For Mary Ann, the battle to ensure post-career medical monitoring and greater access to medical care for former NFL players continues. In late July, an autopsy report released by the Richmond medical examiner's office confirmed Mary Ann's, Ray's and O'Shanick's strong suspicions that Ray was suffering from CTE. The news did not come as a surprise to his widow. "It was more like confirmation," she says. "It gave me an even greater appreciation for how much he struggled and for his persistence and his tenacity." Her fervent wish is that other players and their families will be spared the indignities and pain of living with the effects of undiagnosed and untreated brain trauma.

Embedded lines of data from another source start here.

(* Let $(G,c)$ and $(H,c')$ be BPEC-DAGs on the same vertex set $V$. If $\mathcal M(G,c)=\mathcal M(H,c')$, then $G=H$ and $c$ and $c'$ induce the same partition of the edge set into color classes; i.e., each BPEC-DAG is the unique BPEC-DAG in its model equivalence class.
   Context: An edge-colored DAG $(G,c)$, $G=(V,E)$, has a coloring of $V\sqcup E$ (vertex and edge colors disjoint) in which every vertex forms its own color class. It is properly edge-colored if every edge color class contains at least two edges, and blocked if any two edges $ij,kl$ of the same color satisfy $j=l$. A BPEC-DAG is a blocked, properly edge-colored DAG. $\mathcal M(G,c)$ is the set of $(I-\Lambda)^{-T}\Omega(I-\Lambda)^{-1}$ with $\Omega=\mathrm{diag}(\omega_i)$, $\omega_i>0$, $\lambda_{ij}=0$ for $ij\notin E$, and $\lambda_{ij}=\lambda_{kl}$ whenever $c(ij)=c(kl)$. *)

From mathcomp Require Import all_boot all_order all_algebra.
From mathcomp Require Import reals.
Set Implicit Arguments. Unset Strict Implicit. Unset Printing Implicit Defensive.
Import Order.TTheory GRing.Theory Num.Theory.
Local Open Scope ring_scope.

(* A directed graph on vertex set 'I_n is given by its edge relation E:
   E i j means the edge i -> j is present. *)

(* No directed cycle: no nonempty E-path from a vertex back to itself
   (this also excludes self-loops). *)
Definition is_dag (n : nat) (E : rel 'I_n) : Prop :=
  forall (i : 'I_n) (p : seq 'I_n),
    p != [::] -> path E i p -> last i p != i.

(* Edge colouring: c i j is the colour of the edge i -> j (only meaningful
   when E i j).  Vertex colours are all singleton classes, so they impose
   no constraint and are not represented. *)

Definition properly_edge_colored (n : nat) (E : rel 'I_n)
  (c : 'I_n -> 'I_n -> nat) : Prop :=
  forall i j : 'I_n, E i j ->
    exists k l : 'I_n, [/\ E k l, (k, l) != (i, j) & c k l = c i j].

Definition blocked (n : nat) (E : rel 'I_n) (c : 'I_n -> 'I_n -> nat) : Prop :=
  forall i j k l : 'I_n, E i j -> E k l -> c i j = c k l -> j = l.

Definition BPEC_DAG (n : nat) (E : rel 'I_n) (c : 'I_n -> 'I_n -> nat) : Prop :=
  [/\ is_dag E, properly_edge_colored E c & blocked E c].

Definition in_model (R : realType) (n : nat) (E : rel 'I_n)
  (c : 'I_n -> 'I_n -> nat) (S : 'M[R]_n) : Prop :=
  exists (L : 'M[R]_n) (w : 'rV[R]_n),
    [/\ (forall i, 0 < w 0 i),
        (forall i j, ~~ E i j -> L i j = 0),
        (forall i j k l, E i j -> E k l -> c i j = c k l -> L i j = L k l) &
        S = (invmx (1%:M - L))^T *m diag_mx w *m invmx (1%:M - L)].

From mathcomp Require Import all_boot all_order all_algebra.
From mathcomp Require Import reals.
From Stdlib Require Import Classical.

Ray's former Falcons teammate Greg Brezina, now an Atlanta-area minister, says, "If people could just know the Ray that I knew [before the dementia]. He was totally dedicated as a player, a well-conditioned machine. He took his body beyond its limits and made excruciating tackles. [But] there are only so many licks a body can take."
By the end, Ray had lost his peripheral vision, his sense of smell, his short-term memory and his sense of direction. It was like living half a life, and this for a man who had always lived his life full-tilt.
Mary Ann is left with her memories — of a loving husband, a doting father who played make-believe games for hours with his young daughter, and a proud athlete who gave everything he had on the field before the effects of repetitive head trauma changed his personality and progressively robbed him and his family of their quality of life. She continues to find strength in her faith, comfortable in the knowledge that Ray's long struggle is over and that his soul is at peace. She says softly, "I know that God has a plan and that he has prepared a place for us."